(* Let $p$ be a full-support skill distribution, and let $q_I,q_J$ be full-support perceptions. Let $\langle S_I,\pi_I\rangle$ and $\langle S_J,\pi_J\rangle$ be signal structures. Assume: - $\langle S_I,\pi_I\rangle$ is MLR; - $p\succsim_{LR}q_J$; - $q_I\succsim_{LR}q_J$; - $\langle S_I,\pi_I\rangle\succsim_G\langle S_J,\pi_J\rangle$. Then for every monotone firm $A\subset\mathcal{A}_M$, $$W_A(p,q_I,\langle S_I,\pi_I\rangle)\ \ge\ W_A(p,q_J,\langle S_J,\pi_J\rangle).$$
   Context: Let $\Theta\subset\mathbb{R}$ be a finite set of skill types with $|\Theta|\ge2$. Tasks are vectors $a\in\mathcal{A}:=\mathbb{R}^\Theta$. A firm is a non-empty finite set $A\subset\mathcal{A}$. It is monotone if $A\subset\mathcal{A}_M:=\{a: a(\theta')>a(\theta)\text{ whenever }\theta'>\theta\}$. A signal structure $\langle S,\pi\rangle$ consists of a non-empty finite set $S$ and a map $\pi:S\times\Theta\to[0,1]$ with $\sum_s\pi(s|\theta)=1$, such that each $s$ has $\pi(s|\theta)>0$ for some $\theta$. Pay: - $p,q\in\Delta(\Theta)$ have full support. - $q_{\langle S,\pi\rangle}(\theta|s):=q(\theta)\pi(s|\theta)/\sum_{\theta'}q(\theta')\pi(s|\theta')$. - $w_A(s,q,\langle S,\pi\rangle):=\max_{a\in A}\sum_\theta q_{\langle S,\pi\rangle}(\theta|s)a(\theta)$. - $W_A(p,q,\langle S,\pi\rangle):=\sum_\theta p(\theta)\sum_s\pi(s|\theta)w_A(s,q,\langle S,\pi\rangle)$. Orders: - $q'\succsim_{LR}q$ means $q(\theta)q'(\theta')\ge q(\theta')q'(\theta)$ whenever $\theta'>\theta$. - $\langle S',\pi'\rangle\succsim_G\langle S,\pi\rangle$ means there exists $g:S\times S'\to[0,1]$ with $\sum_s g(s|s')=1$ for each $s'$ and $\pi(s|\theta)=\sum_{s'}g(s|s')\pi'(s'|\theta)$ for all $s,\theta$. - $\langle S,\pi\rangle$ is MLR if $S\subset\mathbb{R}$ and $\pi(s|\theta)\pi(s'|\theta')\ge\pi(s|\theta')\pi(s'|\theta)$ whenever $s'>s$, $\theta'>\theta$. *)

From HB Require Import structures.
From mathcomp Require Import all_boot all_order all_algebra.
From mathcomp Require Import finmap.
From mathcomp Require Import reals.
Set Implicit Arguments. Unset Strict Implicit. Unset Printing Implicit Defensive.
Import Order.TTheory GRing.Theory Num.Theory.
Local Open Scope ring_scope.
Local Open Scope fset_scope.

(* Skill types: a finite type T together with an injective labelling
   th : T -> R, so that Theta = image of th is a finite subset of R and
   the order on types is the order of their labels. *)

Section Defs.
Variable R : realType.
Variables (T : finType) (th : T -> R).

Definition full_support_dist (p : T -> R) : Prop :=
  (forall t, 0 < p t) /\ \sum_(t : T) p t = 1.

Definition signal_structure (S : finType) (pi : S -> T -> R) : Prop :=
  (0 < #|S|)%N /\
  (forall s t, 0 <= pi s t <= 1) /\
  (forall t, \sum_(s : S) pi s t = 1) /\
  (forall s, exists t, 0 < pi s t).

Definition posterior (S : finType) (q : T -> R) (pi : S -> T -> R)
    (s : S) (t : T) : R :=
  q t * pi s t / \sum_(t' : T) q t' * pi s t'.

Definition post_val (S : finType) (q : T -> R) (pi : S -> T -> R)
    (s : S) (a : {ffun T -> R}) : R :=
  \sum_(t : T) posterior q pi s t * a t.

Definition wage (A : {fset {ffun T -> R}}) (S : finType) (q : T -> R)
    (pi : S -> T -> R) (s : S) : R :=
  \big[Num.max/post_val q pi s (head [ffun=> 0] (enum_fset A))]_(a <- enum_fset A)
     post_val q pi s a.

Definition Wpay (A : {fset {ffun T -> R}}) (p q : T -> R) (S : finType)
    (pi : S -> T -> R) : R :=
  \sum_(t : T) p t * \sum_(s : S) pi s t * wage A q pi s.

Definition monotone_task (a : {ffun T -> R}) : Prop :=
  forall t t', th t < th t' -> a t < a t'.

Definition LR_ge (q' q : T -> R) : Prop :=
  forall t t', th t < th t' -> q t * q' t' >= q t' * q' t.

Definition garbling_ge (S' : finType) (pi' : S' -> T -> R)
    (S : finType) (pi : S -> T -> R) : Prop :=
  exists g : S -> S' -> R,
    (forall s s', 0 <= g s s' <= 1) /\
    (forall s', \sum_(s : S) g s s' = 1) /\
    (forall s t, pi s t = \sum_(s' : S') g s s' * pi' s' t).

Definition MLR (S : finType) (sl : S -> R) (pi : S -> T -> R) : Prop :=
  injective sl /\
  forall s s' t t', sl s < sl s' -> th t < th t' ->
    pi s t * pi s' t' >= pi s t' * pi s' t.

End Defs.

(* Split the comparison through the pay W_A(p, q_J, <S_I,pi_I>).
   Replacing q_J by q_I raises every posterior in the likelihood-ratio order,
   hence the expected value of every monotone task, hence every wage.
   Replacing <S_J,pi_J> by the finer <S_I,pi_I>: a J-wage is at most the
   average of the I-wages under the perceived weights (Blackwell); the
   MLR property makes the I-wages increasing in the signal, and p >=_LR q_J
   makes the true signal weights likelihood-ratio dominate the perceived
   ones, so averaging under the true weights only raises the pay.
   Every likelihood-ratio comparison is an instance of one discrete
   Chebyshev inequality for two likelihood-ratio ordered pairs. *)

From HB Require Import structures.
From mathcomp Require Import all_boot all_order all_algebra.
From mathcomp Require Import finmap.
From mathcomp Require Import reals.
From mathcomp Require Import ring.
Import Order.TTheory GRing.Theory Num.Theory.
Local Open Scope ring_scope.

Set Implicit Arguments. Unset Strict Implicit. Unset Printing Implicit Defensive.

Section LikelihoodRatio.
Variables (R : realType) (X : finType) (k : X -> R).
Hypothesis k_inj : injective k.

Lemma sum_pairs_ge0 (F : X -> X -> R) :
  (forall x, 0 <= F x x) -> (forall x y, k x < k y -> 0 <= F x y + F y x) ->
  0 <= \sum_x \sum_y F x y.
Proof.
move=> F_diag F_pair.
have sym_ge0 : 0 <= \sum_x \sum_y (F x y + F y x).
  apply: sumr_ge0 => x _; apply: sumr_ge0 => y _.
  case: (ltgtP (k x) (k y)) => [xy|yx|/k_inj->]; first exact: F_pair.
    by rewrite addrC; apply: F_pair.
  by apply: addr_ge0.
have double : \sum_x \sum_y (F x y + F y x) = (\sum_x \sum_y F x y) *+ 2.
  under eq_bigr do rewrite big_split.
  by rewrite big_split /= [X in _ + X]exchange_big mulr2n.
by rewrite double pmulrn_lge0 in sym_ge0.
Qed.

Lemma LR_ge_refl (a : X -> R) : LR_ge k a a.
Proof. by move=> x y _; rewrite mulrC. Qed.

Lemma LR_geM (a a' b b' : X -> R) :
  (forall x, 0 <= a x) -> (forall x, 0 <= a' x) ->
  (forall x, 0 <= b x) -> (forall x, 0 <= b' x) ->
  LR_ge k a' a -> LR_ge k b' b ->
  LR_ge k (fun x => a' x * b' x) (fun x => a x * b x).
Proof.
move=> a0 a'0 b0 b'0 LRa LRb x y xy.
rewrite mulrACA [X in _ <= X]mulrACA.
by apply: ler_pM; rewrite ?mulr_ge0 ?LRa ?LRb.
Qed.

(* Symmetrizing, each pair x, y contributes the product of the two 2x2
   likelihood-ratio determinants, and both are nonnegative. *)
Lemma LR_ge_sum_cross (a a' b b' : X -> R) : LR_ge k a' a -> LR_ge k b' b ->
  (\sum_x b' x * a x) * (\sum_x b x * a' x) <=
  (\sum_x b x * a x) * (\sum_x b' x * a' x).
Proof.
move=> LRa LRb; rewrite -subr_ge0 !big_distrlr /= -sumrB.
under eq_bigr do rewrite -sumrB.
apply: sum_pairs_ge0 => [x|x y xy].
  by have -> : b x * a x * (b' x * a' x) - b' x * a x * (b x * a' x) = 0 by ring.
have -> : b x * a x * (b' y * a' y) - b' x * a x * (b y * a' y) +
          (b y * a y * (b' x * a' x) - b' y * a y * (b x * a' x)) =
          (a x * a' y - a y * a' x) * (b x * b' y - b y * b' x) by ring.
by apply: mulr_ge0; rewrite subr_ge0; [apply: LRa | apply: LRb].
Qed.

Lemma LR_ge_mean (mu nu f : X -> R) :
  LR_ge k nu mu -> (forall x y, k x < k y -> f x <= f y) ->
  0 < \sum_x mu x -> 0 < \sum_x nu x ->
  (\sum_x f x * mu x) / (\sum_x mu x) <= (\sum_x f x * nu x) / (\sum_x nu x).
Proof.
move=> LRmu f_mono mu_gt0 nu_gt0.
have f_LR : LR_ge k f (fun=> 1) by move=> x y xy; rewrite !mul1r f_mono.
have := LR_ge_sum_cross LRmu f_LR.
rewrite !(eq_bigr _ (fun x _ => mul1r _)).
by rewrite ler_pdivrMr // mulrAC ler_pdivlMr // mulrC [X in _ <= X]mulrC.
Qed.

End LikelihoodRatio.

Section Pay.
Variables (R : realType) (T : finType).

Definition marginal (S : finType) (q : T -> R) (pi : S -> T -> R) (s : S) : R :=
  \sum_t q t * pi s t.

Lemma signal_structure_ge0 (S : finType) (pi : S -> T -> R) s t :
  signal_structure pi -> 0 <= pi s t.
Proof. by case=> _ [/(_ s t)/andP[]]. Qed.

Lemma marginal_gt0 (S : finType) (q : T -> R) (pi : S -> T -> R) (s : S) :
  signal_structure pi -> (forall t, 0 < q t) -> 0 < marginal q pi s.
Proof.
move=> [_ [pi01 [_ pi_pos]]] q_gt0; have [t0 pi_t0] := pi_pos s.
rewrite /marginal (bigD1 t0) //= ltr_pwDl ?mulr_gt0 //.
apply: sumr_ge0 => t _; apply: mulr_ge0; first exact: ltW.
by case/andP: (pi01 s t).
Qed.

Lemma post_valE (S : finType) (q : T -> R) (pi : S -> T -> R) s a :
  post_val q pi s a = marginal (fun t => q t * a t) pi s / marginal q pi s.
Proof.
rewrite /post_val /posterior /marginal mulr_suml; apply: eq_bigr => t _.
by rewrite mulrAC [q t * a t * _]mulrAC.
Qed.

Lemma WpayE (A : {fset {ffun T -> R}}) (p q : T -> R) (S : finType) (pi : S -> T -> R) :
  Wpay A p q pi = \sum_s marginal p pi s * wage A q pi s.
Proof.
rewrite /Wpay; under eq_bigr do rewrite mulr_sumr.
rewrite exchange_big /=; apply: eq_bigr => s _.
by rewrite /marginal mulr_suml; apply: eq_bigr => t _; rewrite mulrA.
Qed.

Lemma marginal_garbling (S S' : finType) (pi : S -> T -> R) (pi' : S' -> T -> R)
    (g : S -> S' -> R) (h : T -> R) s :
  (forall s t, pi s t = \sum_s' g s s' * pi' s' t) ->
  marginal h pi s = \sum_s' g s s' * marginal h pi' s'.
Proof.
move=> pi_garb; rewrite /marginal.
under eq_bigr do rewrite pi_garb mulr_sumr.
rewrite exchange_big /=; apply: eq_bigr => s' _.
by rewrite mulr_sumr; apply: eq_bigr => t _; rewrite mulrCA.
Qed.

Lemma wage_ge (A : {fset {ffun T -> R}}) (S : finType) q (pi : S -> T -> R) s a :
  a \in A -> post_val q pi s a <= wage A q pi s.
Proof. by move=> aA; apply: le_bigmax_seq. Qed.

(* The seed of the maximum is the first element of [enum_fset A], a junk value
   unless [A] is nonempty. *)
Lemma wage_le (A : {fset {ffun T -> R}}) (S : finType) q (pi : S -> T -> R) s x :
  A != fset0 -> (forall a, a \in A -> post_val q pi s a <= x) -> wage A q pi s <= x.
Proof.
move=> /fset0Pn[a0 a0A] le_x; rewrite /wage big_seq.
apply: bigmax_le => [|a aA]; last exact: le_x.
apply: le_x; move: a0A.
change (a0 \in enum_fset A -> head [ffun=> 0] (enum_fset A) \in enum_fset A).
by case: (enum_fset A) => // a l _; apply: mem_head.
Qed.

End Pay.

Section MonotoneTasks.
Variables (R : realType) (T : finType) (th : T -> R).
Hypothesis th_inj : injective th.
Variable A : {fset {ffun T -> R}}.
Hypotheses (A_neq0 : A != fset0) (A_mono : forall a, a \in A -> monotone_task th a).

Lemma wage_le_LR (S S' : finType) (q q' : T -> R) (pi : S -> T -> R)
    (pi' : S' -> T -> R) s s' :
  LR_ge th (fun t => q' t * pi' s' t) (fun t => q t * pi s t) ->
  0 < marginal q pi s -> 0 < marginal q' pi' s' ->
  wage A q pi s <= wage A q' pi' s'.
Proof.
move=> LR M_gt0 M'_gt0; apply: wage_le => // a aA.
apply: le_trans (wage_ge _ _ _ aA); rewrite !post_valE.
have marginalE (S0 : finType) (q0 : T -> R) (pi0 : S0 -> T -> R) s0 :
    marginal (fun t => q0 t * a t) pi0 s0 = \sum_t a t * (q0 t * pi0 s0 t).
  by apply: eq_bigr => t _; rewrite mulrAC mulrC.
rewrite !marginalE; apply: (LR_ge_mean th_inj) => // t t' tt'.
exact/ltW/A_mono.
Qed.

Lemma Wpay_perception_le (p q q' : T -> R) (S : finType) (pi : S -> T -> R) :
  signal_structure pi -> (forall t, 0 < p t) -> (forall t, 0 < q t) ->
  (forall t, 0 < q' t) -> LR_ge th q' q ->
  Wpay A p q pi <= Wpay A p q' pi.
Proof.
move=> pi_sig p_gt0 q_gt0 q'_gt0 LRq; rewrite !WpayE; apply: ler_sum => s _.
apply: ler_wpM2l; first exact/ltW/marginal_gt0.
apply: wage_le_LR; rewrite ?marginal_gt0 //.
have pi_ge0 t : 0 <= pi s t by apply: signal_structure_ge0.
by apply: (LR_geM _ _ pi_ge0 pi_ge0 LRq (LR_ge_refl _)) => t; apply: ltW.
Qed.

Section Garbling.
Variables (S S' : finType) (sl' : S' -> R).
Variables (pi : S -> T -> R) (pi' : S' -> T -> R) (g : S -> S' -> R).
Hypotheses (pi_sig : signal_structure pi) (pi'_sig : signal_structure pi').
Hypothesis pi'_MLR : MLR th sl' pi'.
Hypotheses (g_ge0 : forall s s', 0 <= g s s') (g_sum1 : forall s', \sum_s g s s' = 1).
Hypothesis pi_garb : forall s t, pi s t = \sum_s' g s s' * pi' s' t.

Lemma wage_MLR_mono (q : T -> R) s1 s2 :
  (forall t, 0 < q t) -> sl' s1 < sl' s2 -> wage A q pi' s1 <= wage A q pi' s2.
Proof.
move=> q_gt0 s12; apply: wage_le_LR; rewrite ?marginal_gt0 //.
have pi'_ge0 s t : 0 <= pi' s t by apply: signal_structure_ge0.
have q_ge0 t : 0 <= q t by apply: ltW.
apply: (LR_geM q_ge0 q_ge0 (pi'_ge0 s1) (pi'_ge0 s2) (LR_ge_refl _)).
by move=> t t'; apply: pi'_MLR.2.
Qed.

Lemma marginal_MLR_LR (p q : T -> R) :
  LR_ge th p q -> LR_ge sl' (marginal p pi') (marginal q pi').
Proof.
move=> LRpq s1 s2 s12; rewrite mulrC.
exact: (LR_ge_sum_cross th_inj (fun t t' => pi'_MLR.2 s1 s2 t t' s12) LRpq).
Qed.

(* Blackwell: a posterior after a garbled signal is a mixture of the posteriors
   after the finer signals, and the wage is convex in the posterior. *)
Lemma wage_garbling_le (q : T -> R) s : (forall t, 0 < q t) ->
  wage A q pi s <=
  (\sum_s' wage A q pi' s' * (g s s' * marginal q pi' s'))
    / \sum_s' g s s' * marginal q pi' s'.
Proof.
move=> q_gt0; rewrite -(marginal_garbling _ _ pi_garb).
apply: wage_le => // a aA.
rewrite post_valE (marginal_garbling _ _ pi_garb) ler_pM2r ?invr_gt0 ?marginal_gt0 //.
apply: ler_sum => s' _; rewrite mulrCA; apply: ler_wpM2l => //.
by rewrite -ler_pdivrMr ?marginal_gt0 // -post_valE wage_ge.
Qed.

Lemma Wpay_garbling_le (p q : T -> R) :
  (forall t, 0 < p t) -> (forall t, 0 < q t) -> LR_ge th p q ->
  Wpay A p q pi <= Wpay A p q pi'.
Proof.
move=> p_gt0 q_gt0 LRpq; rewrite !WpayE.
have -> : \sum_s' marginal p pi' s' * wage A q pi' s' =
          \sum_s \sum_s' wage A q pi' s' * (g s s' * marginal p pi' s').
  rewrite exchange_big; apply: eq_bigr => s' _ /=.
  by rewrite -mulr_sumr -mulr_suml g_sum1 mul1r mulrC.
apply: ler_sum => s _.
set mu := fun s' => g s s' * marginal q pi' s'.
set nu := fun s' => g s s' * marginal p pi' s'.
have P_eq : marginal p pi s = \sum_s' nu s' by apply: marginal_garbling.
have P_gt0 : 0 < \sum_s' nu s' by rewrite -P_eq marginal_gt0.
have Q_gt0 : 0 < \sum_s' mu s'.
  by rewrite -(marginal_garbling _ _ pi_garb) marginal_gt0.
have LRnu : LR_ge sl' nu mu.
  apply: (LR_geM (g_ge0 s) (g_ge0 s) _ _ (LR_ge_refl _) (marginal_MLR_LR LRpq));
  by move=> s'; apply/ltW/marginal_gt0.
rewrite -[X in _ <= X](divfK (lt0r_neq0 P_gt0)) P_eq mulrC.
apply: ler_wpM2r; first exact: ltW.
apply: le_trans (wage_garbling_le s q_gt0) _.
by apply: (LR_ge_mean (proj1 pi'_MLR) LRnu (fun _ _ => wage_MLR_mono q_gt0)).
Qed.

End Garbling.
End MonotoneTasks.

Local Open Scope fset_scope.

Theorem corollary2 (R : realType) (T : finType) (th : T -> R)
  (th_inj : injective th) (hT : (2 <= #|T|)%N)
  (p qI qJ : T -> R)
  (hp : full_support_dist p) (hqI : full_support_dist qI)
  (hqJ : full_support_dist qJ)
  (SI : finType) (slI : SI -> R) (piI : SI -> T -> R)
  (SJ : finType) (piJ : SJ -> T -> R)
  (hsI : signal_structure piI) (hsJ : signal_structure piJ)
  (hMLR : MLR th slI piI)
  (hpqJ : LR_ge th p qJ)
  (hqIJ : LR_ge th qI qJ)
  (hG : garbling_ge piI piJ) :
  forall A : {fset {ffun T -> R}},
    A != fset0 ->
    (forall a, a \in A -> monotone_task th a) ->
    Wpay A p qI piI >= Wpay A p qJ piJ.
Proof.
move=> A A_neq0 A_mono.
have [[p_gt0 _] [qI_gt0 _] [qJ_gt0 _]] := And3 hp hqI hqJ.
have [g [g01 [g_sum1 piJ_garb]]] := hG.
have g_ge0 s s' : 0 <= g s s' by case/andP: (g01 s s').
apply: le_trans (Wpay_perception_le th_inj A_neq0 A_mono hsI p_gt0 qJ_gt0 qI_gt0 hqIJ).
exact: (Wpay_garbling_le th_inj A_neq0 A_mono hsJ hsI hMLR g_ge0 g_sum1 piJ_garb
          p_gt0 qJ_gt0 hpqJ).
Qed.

• • • • •

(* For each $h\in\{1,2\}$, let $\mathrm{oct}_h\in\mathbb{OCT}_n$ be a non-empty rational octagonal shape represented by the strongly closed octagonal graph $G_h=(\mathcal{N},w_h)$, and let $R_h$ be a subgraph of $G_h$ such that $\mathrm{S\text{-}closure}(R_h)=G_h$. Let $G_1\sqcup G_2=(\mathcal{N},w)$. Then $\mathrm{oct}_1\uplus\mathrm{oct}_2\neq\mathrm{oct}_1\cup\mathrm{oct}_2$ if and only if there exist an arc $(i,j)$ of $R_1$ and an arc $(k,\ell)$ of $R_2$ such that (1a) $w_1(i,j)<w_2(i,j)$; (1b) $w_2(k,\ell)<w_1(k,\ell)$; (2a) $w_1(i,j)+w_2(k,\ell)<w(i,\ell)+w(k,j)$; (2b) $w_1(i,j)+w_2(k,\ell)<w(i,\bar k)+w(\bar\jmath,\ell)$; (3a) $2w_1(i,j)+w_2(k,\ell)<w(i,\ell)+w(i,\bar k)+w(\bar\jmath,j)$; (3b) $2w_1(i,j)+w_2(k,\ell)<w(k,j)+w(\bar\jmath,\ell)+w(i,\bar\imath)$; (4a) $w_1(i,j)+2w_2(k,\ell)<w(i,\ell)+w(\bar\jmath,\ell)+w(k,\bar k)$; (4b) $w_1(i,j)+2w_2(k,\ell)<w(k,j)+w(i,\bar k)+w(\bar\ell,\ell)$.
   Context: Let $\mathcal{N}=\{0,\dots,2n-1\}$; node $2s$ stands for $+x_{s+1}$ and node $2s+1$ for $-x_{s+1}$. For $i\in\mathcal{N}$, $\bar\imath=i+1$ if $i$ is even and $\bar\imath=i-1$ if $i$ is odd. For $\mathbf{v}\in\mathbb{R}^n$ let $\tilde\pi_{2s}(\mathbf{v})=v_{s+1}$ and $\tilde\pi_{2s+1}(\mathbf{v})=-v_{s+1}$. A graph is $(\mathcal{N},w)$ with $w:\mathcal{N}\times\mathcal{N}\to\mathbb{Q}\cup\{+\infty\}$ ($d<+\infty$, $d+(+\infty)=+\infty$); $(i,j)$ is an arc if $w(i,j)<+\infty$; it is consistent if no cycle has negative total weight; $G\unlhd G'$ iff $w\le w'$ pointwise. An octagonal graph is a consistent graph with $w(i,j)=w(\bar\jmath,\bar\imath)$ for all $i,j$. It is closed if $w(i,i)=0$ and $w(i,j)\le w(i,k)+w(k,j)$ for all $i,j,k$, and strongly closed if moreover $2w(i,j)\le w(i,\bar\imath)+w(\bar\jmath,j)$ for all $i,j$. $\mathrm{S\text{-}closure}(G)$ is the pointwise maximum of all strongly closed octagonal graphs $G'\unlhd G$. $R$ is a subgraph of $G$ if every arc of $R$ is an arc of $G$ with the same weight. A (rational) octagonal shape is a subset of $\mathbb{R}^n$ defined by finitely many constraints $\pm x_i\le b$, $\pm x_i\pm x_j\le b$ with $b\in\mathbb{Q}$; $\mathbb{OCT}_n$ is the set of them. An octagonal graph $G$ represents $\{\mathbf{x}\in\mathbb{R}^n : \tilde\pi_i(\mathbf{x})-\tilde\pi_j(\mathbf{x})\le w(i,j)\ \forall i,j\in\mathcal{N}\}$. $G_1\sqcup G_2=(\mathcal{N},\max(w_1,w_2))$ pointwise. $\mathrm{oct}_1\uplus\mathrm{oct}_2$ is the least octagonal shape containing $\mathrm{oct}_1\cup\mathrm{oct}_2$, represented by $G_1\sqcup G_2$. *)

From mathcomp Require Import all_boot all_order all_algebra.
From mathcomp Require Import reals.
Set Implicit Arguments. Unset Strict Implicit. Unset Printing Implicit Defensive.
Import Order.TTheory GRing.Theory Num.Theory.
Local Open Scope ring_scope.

• • • • •

Everything from the line with "average of the" through the line with "(forall x, 0 <= F" in the listing above must be retyped exactly, with nothing added.

#### Finished exercise:
   average of the I-wages under the perceived weights (Blackwell); the
   MLR property makes the I-wages increasing in the signal, and p >=_LR q_J
   makes the true signal weights likelihood-ratio dominate the perceived
   ones, so averaging under the true weights only raises the pay.
   Every likelihood-ratio comparison is an instance of one discrete
   Chebyshev inequality for two likelihood-ratio ordered pairs. *)

From HB Require Import structures.
From mathcomp Require Import all_boot all_order all_algebra.
From mathcomp Require Import finmap.
From mathcomp Require Import reals.
From mathcomp Require Import ring.
Import Order.TTheory GRing.Theory Num.Theory.
Local Open Scope ring_scope.

Set Implicit Arguments. Unset Strict Implicit. Unset Printing Implicit Defensive.

Section LikelihoodRatio.
Variables (R : realType) (X : finType) (k : X -> R).
Hypothesis k_inj : injective k.

Lemma sum_pairs_ge0 (F : X -> X -> R) :
  (forall x, 0 <= F x x) -> (forall x y, k x < k y -> 0 <= F x y + F y x) ->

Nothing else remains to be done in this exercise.